Nota a commento alla sentenza n. 1120 del 10 maggio 2018, Trib. Verona, dott.ssa Dal Martello.

 In una causa patrocinata da MF Law, il Tribunale di Verona, nella persona della dott.ssa Dal Martello, si è espresso sulla vexata questio della introduzione di un divieto di anatocismo bancario con la modifica all’art. 120 co. 2 TUB realizzata dalla Legge di Stabilità 2014. Rigettando la tesi attorea, che sosteneva il carattere self executing della nuova disciplina, il Tribunale di Verona ha escluso la diretta applicabilità della nuova formulazione dell’art. 120 TUB, essendo invece necessaria l’emanazione della delibera CICR per la definizione delle modalità e dei criteri per la determinazione degli interessi nelle operazioni bancarie.

A tale soluzione il Tribunale  è pervenuto non solo sulla base della formulazione letterale della norma, ma anche valorizzando “esigenze di uniformità nelle modalità applicative da parte di tutti gli istituti di credito sia nel mercato interno, sia nel confronto con gli istituti di credito stranieri, tenuto conto che in ambito europeo è pacificamente ammessa la capitalizzazione degli interessi in ambito bancario”.

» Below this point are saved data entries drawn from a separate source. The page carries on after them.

(* Let $q=2$, $0\le J\le\pi/4$, and $U(J)=\begin{pmatrix}e^{-iJ}&0&0&0\\0&0&-ie^{iJ}&0\\0&-ie^{iJ}&0&0\\0&0&0&e^{-iJ}\end{pmatrix}$ in the basis $|00\rangle,|01\rangle,|10\rangle,|11\rangle$, so that $e_p(U(J))=\frac23\cos^2(2J)$. For a single-qubit unitary $u$, let $\Lambda(u)$ be the largest modulus of the nontrivial eigenvalues of the map $a\mapsto u\,\mathcal{M}_+^{U(J)}(a)\,u^\dagger$. (i) Over the family $w(\theta,\psi)=\begin{pmatrix}\cos\frac\theta2&-e^{i\psi/2}\sin\frac\theta2\\ e^{-i\psi/2}\sin\frac\theta2&\cos\frac\theta2\end{pmatrix}$, $\theta\in[0,\pi]$, $\psi\in[0,4\pi]$, one has $\min_{\theta,\psi}\Lambda(w)=\sqrt{\sin 2J}$, i.e. $-\ln\min\Lambda=-\frac14\ln\bigl(1-\tfrac32 e_p(U(J))\bigr)$. (ii) Over the family $v(\phi,\psi)=\frac1{\sqrt2}\begin{pmatrix}e^{i\phi/2}&-e^{i\psi/2}\\ e^{-i\psi/2}&e^{-i\phi/2}\end{pmatrix}$, $\phi,\psi\in[0,4\pi]$, the nontrivial eigenvalues are the roots of $\lambda^3-(\lambda^2-\lambda)\cos\phi\,\sin 2J-\sin^2 2J=0$, and $\min_{\phi,\psi}\Lambda(v)=\sin^{2/3}(2J)$, attained at $\phi=\pi/2$; i.e. $-\ln\min\Lambda=-\frac13\ln\bigl(1-\tfrac32 e_p(U(J))\bigr)$.
   Context: For a unitary $U$ on $\mathbb{C}^2\otimes\mathbb{C}^2$, $\mathcal{M}_+^U(a)=\frac12\operatorname{tr}_1[U^\dagger(a\otimes I)U]$ on $2\times2$ matrices; it fixes $I$ and preserves traceless matrices, and so does $a\mapsto u\mathcal{M}_+^U(a)u^\dagger$; the nontrivial eigenvalues of such a map are the three eigenvalues of its restriction to traceless matrices. (For $U(J)$ one has $\mathcal{M}_+^{U(J)}(a)=\begin{pmatrix}a_{00}&\sin(2J)a_{01}\\ \sin(2J)a_{10}&a_{11}\end{pmatrix}$.) The entangling power $e_p$ is $e_p(U)=\frac{E(U)+E(US)-E(S)}{E(S)}$ with $E(U)=1-q^{-4}\operatorname{tr}[(U^{R_1}U^{R_1\dagger})^2]$, $\langle\beta\alpha|U^{R_1}|ji\rangle=\langle i\alpha|U|j\beta\rangle$, $S$ the swap, $q=2$. *)

(* R : realType (MathComp-Analysis), complex numbers R[i]
   from mathcomp-real-closed, 2-qubit operators as 'M[R[i]]_(2*2) with the
   tensor index of mxtens (|ij> <-> mxtens_index (i,j) = 2i+j). *)
From HB Require Import structures.
From mathcomp Require Import all_boot all_order all_algebra.
From mathcomp Require Import complex mxtens.
From mathcomp Require Import all_classical all_reals.
From mathcomp Require Import topology normedtype exp trigo.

Il Tribunale ha inoltre rilevato che gli effetti dell’anatocismo non favoriscono solo le banche, “ma anche i clienti, qualora … sussistano interessi attivi”, per cui sostenere “l’immediata operatività del divieto di anatocismo, senza attendere la delibera CICR, significa di fatto rimettere ad ogni singolo istituto di credito, ossia ad uno solo dei contraenti, la tenuta ed il conteggio degli interessi, sia di quelli passivi, sia di quelli attivi”.

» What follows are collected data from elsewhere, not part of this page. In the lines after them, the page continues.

(* For u in U the matrix P_f(u) is stochastic, and for a substochastic P and
   0 <= alpha < 1 a row vector v with v (I - alpha P) >= 0 is itself >= 0: the
   total mass of its negative part is at most alpha times itself.  Hence
   I - alpha P_f(u) is invertible and w = (1 - alpha) gamma (I - alpha P_f(u))^-1
   satisfies w >= (1 - alpha) gamma > 0.  The change of variables
   z(.|s,.) = w(s) u(.|s,.) turns the constraints of U into their perspective
   (homogenised) form, and the balance constraint of (II) into
   w (I - alpha P_f(u)) = (1 - alpha) gamma, so objective values agree; since
   w > 0 the substitution is inverted by u = z / w. *)

Lemma mul_row_discount (R : comPzRingType) n (v : 'rV[R]_n) (alpha : R)
    (P : 'M[R]_n) j :
  (v *m (1%:M - alpha *: P)) 0 j = v 0 j - alpha * \sum_i v 0 i * P i j.
Proof.
rewrite mulmxBr mulmx1 -scalemxAr !mxE.
by congr (_ - _ * _); apply: eq_bigr => i _.
Qed.

Section DiscountedSubstochastic.
Context {R : realFieldType} {n : nat} {alpha : R} {P : 'M[R]_n}.
Hypotheses (alpha_ge0 : 0 <= alpha) (alpha_lt1 : alpha < 1).
Hypotheses (P_ge0 : forall i j, 0 <= P i j) (P_row_le1 : forall i, \sum_j P i j <= 1).

Lemma discount_row_ge0 (v : 'rV[R]_n) :
  (forall j, 0 <= (v *m (1%:M - alpha *: P)) 0 j) -> forall j, 0 <= v 0 j.
Proof.
move=> vA_ge0.
pose neg j := Num.max 0 (- v 0 j).
have neg_ge0 j : 0 <= neg j by rewrite le_max lexx.
have neg_le j : neg j <= alpha * \sum_i neg i * P i j.
  rewrite ge_max; apply/andP; split.
    by apply: mulr_ge0 => //; apply: sumr_ge0 => i _; apply: mulr_ge0.
  have := vA_ge0 j; rewrite mul_row_discount subr_ge0 lerNl => vj.
  apply: le_trans vj; rewrite -mulrN ler_wpM2l // -sumrN.
  by apply: ler_sum => i _; rewrite -mulNr ler_wpM2r // lerNl /neg le_max lexx orbT.
have sum_neg_le : \sum_j neg j <= alpha * \sum_j neg j.
  apply: le_trans (ler_sum _ (fun j _ => neg_le j)) _.
  rewrite -mulr_sumr ler_wpM2l // exchange_big /=.
  by apply: ler_sum => i _; rewrite -mulr_sumr ler_piMr.
have sum_neg0 : \sum_j neg j = 0.
  apply/eqP; rewrite eq_le sumr_ge0 // andbT.
  have one_sub_gt0 : 0 < 1 - alpha by rewrite subr_gt0.
  by rewrite -(pmulr_rle0 _ one_sub_gt0) mulrBl mul1r subr_le0.
move=> j; have negj0 := psumr_eq0P (fun i _ => neg_ge0 i) sum_neg0 (i := j) isT.
by rewrite -oppr_le0 -negj0 /neg le_max lexx orbT.
Qed.

Lemma discount_unitmx : 1%:M - alpha *: P \in unitmx.
Proof.
rewrite -row_free_unit -kermx_eq0 -submx0; apply/rV_subP => v.
rewrite sub_kermx submx0 => /eqP vA0.
have ker_ge0 (w : 'rV_n) : w *m (1%:M - alpha *: P) = 0 -> forall j, 0 <= w 0 j.
  by move=> wA0; apply: discount_row_ge0 => j; rewrite wA0 mxE.
apply/eqP/rowP => j; rewrite mxE; apply/eqP; rewrite eq_le ker_ge0 // andbT.
have := ker_ge0 (- v); rewrite mulNmx vA0 oppr0 => /(_ erefl j).
by rewrite mxE oppr_ge0.
Qed.

Lemma discount_solution_ge {v g : 'rV[R]_n} :
  v *m (1%:M - alpha *: P) = g -> (forall j, 0 <= g 0 j) ->
  forall j, g 0 j <= v 0 j.
Proof.
move=> vAg g_ge0 j.
have v_ge0 : forall i, 0 <= v 0 i by apply: discount_row_ge0 => i; rewrite vAg.
rewrite -vAg mul_row_discount gerBl.
by apply: mulr_ge0 => //; apply: sumr_ge0 => i _; apply: mulr_ge0.
Qed.

End DiscountedSubstochastic.

Lemma sum2_scaled {R : comPzRingType} {I J : finType} (K : I -> J -> R)
    {v z : I -> J -> R} {t : R} :
  (forall a b, z a b = t * v a b) ->
  \sum_a \sum_b K a b * z a b = t * \sum_a \sum_b K a b * v a b.
Proof.
move=> zE; rewrite mulr_sumr; apply: eq_bigr => a _; rewrite mulr_sumr.
by apply: eq_bigr => b _; rewrite zE mulrCA.
Qed.

Lemma norm2_scale (R : rcfType) l (g : 'I_l -> R) (t : R) :
  0 <= t -> norm2 (fun j => t * g j) = t * norm2 g.
Proof.
move=> t_ge0; rewrite /norm2.
under eq_bigr do rewrite exprMn.
by rewrite -mulr_sumr sqrtrM ?sqr_ge0 // sqrtr_sqr ger0_norm.
Qed.

Section RobustEvaluation.
Context {R : rcfType} {N : nat} {ka : 'I_N.+1 -> nat}.
Context {alpha : R} {gamma : 'I_N.+1 -> R}.
Context {pbar ulow uup : forall s : 'I_N.+1, 'I_(ka s).+1 -> 'I_N.+1 -> R}.
Context {lp lsc : 'I_N.+1 -> nat}.
Context {B : forall s : 'I_N.+1, 'I_(lp s) -> 'I_(ka s).+1 -> 'I_N.+1 -> R}
  {b : forall s : 'I_N.+1, 'I_(lp s) -> R}
  {M : forall s : 'I_N.+1, 'I_(ka s).+1 -> 'I_N.+1 -> 'I_(lsc s) -> R}
  {m : forall s : 'I_N.+1, 'I_(lsc s) -> R}
  {x : forall s : 'I_N.+1, 'I_(ka s).+1 -> 'I_N.+1 -> R}
  {y : 'I_N.+1 -> R}.
Context {f c : forall s : 'I_N.+1, 'I_(ka s).+1 -> R}.

Hypotheses (alpha_gt0 : 0 < alpha) (alpha_lt1 : alpha < 1).
Hypothesis gamma_gt0 : forall s, 0 < gamma s.
Hypothesis pbar_sum1 : forall s a, \sum_s' pbar s a s' = 1.
Hypothesis B_bounds : forall s (v : 'I_(ka s).+1 -> 'I_N.+1 -> R),
  (forall i, Bmul B v i - b s i <= 0) ->
  (forall a s', ulow s a s' <= v a s' <= uup s a s') /\
  (forall a, \sum_s' v a s' = 0).
Hypothesis pbar_ulow_ge0 : forall s a s', 0 <= pbar s a s' + ulow s a s'.
Hypotheses (f_ge0 : forall s a, 0 <= f s a) (f_sum1 : forall s, \sum_a f s a = 1).

Lemma Pf_ge0 (u : blockvec R ka) :
  (forall s a s', 0 <= pbar s a s' + u s a s') -> forall s s', 0 <= Pf f pbar u s s'.
Proof.
move=> p_ge0 s s'; rewrite mxE.
by apply: sumr_ge0 => a _; apply: mulr_ge0.
Qed.

Lemma Pf_row_sum (u : blockvec R ka) :
  (forall s a, \sum_s' u s a s' = 0) -> forall s, \sum_s' Pf f pbar u s s' = 1.
Proof.
move=> u_sum0 s.
under eq_bigr do rewrite mxE.
rewrite exchange_big /= -(f_sum1 s); apply: eq_bigr => a _.
by rewrite -mulr_sumr big_split /= pbar_sum1 u_sum0 addr0 mulr1.
Qed.

Lemma PfE (u : blockvec R ka) s s' :
  Pf f pbar u s s' = Pbarf f pbar s s' + \sum_a f s a * u s a s'.
Proof. by rewrite !mxE -big_split; apply: eq_bigr => a _; rewrite mulrDr. Qed.

Lemma sum_Ff {s} (v : 'I_(ka s).+1 -> 'I_N.+1 -> R) s' :
  \sum_a \sum_s'' v a s'' * Ff f a s'' s' = \sum_a f s a * v a s'.
Proof.
apply: eq_bigr => a _; rewrite (bigD1 s') //= big1 => [|s'' /negbTE ne].
  by rewrite /Ff eqxx addr0 mulrC.
by rewrite /Ff ne mulr0.
Qed.

Lemma balance_scaled {u z : blockvec R ka} {w : 'I_N.+1 -> R} :
  (forall s a s', z s a s' = w s * u s a s') -> forall s',
  ((\row_s w s) *m (1%:M - alpha *: Pbarf f pbar)) 0 s'
    - alpha * \sum_s \sum_(a : 'I_(ka s).+1) \sum_(s'' : 'I_N.+1)
                 z s a s'' * Ff f a s'' s'
  = ((\row_s w s) *m (1%:M - alpha *: Pf f pbar u)) 0 s'.
Proof.
move=> zE s'; rewrite !mul_row_discount.
suff -> : \sum_s (\row_s w s) 0 s * Pf f pbar u s s' =
    \sum_s (\row_s w s) 0 s * Pbarf f pbar s s'
    + \sum_s \sum_(a : 'I_(ka s).+1) \sum_s'' z s a s'' * Ff f a s'' s'.
  by ring.
rewrite -big_split; apply: eq_bigr => s _.
rewrite PfE sum_Ff mxE mulrDr mulr_sumr; congr (_ + _).
by apply: eq_bigr => a _; rewrite zE mulrCA.
Qed.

La pronuncia appare rilevante per le capitalizzazioni operate dal 1° gennaio 2014 sino all’entrata in vigore della modifica dell’art. 120 TUB realizzata dall’art. 17 del DL n. 18 del 2016, convertito il 6 aprile 2016 ed attuato con la Delibera CICR del 3 agosto 2016. Tale delibera, pur confermando il divieto di anatocismo, in relazione ai rapporti bancari indicati all’art. 4, ha previsto la possibilità che il cliente autorizzi preventivamente l’addebito in conto degli interessi liquidati annualmente ed esigibili dal 1° di marzo dell’anno successivo; in tal caso gli interessi costituiscono sorte capitale.